(Stored data entries)
>>>

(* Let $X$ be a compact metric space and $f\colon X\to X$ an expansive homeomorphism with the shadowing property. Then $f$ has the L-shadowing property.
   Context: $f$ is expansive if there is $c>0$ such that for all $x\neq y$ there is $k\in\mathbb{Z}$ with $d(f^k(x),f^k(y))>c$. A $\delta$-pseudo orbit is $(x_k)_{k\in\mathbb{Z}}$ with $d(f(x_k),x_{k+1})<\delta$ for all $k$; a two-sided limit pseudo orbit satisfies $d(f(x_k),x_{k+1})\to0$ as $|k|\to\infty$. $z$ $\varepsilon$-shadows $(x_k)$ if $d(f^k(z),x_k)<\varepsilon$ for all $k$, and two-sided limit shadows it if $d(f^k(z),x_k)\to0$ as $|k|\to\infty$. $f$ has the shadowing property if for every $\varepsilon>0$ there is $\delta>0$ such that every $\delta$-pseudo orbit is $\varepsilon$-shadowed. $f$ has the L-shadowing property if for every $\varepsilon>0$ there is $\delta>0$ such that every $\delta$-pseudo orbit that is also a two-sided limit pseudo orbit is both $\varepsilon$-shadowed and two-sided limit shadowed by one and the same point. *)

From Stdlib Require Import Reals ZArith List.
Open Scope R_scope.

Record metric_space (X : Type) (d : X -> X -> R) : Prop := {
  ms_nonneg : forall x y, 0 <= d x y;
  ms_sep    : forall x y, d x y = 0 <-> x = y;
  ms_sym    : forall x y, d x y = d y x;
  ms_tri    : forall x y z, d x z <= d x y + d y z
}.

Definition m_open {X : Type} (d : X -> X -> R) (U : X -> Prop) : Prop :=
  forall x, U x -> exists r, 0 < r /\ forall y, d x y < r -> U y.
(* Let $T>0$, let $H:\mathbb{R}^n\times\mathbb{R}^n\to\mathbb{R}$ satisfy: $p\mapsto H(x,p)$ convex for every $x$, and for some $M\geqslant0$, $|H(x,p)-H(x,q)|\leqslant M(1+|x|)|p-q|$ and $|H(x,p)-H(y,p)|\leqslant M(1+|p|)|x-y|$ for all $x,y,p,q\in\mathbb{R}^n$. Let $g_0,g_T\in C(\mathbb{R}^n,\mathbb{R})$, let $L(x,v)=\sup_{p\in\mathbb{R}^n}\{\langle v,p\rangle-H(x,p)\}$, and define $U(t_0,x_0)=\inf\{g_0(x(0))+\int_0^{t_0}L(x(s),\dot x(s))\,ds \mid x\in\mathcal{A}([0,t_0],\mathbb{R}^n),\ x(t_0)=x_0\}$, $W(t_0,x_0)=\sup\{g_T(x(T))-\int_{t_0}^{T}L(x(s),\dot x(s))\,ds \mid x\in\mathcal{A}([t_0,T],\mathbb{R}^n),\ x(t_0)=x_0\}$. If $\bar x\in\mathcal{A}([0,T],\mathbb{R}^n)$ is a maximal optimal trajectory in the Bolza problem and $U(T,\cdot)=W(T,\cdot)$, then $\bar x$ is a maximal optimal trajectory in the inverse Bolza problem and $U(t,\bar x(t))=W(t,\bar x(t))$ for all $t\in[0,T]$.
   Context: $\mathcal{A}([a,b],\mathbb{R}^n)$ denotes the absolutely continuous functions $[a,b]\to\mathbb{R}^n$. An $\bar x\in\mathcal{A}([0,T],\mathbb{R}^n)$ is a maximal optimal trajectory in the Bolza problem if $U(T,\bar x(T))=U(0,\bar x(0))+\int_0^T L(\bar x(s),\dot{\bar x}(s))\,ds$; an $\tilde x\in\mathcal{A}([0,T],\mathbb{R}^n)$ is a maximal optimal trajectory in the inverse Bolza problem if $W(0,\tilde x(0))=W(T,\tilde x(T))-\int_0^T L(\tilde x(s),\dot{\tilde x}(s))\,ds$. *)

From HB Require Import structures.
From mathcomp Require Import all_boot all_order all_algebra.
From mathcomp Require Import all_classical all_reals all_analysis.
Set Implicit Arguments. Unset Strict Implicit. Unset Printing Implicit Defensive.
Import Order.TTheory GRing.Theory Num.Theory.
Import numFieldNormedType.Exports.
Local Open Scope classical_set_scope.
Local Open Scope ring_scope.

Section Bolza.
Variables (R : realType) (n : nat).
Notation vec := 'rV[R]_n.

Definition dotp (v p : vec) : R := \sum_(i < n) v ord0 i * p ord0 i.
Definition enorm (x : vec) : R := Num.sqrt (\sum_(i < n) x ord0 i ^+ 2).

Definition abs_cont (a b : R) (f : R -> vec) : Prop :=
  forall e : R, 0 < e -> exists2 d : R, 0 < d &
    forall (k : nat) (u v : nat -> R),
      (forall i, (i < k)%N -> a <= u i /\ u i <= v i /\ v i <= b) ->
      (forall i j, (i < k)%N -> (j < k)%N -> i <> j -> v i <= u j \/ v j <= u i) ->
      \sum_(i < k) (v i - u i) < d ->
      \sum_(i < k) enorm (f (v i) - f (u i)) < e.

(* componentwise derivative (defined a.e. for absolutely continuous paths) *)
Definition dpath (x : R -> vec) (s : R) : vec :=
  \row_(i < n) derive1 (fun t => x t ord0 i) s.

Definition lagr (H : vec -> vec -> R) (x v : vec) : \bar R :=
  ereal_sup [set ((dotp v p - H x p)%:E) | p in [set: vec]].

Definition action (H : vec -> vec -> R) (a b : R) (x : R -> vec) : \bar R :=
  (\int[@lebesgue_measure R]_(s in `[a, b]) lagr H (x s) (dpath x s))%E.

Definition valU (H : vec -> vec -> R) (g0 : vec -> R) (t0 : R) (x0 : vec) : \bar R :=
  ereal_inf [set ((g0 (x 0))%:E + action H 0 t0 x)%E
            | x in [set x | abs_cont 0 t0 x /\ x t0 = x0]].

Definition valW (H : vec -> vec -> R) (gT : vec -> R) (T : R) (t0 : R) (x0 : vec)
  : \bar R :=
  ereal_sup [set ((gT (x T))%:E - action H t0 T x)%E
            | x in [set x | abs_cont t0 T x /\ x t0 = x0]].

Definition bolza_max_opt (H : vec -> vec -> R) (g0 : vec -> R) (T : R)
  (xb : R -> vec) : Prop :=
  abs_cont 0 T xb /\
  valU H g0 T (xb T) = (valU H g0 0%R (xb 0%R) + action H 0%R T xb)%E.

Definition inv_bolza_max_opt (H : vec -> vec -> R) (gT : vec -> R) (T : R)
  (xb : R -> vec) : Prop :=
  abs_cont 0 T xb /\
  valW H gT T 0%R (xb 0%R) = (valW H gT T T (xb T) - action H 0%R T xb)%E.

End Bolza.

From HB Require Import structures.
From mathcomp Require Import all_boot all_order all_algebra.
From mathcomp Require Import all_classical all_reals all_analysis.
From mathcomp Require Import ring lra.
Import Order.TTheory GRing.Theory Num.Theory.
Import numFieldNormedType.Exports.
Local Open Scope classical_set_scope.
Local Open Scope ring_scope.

<<<

» Directions for this task
Copy out only the lines above from the one with "forall (k : nat)" to the one with "Definition dpath (x", inclusive, exactly as they stand.

» Result of the task
    forall (k : nat) (u v : nat -> R),
      (forall i, (i < k)%N -> a <= u i /\ u i <= v i /\ v i <= b) ->
      (forall i j, (i < k)%N -> (j < k)%N -> i <> j -> v i <= u j \/ v j <= u i) ->
      \sum_(i < k) (v i - u i) < d ->
      \sum_(i < k) enorm (f (v i) - f (u i)) < e.

(* componentwise derivative (defined a.e. for absolutely continuous paths) *)
Definition dpath (x : R -> vec) (s : R) : vec :=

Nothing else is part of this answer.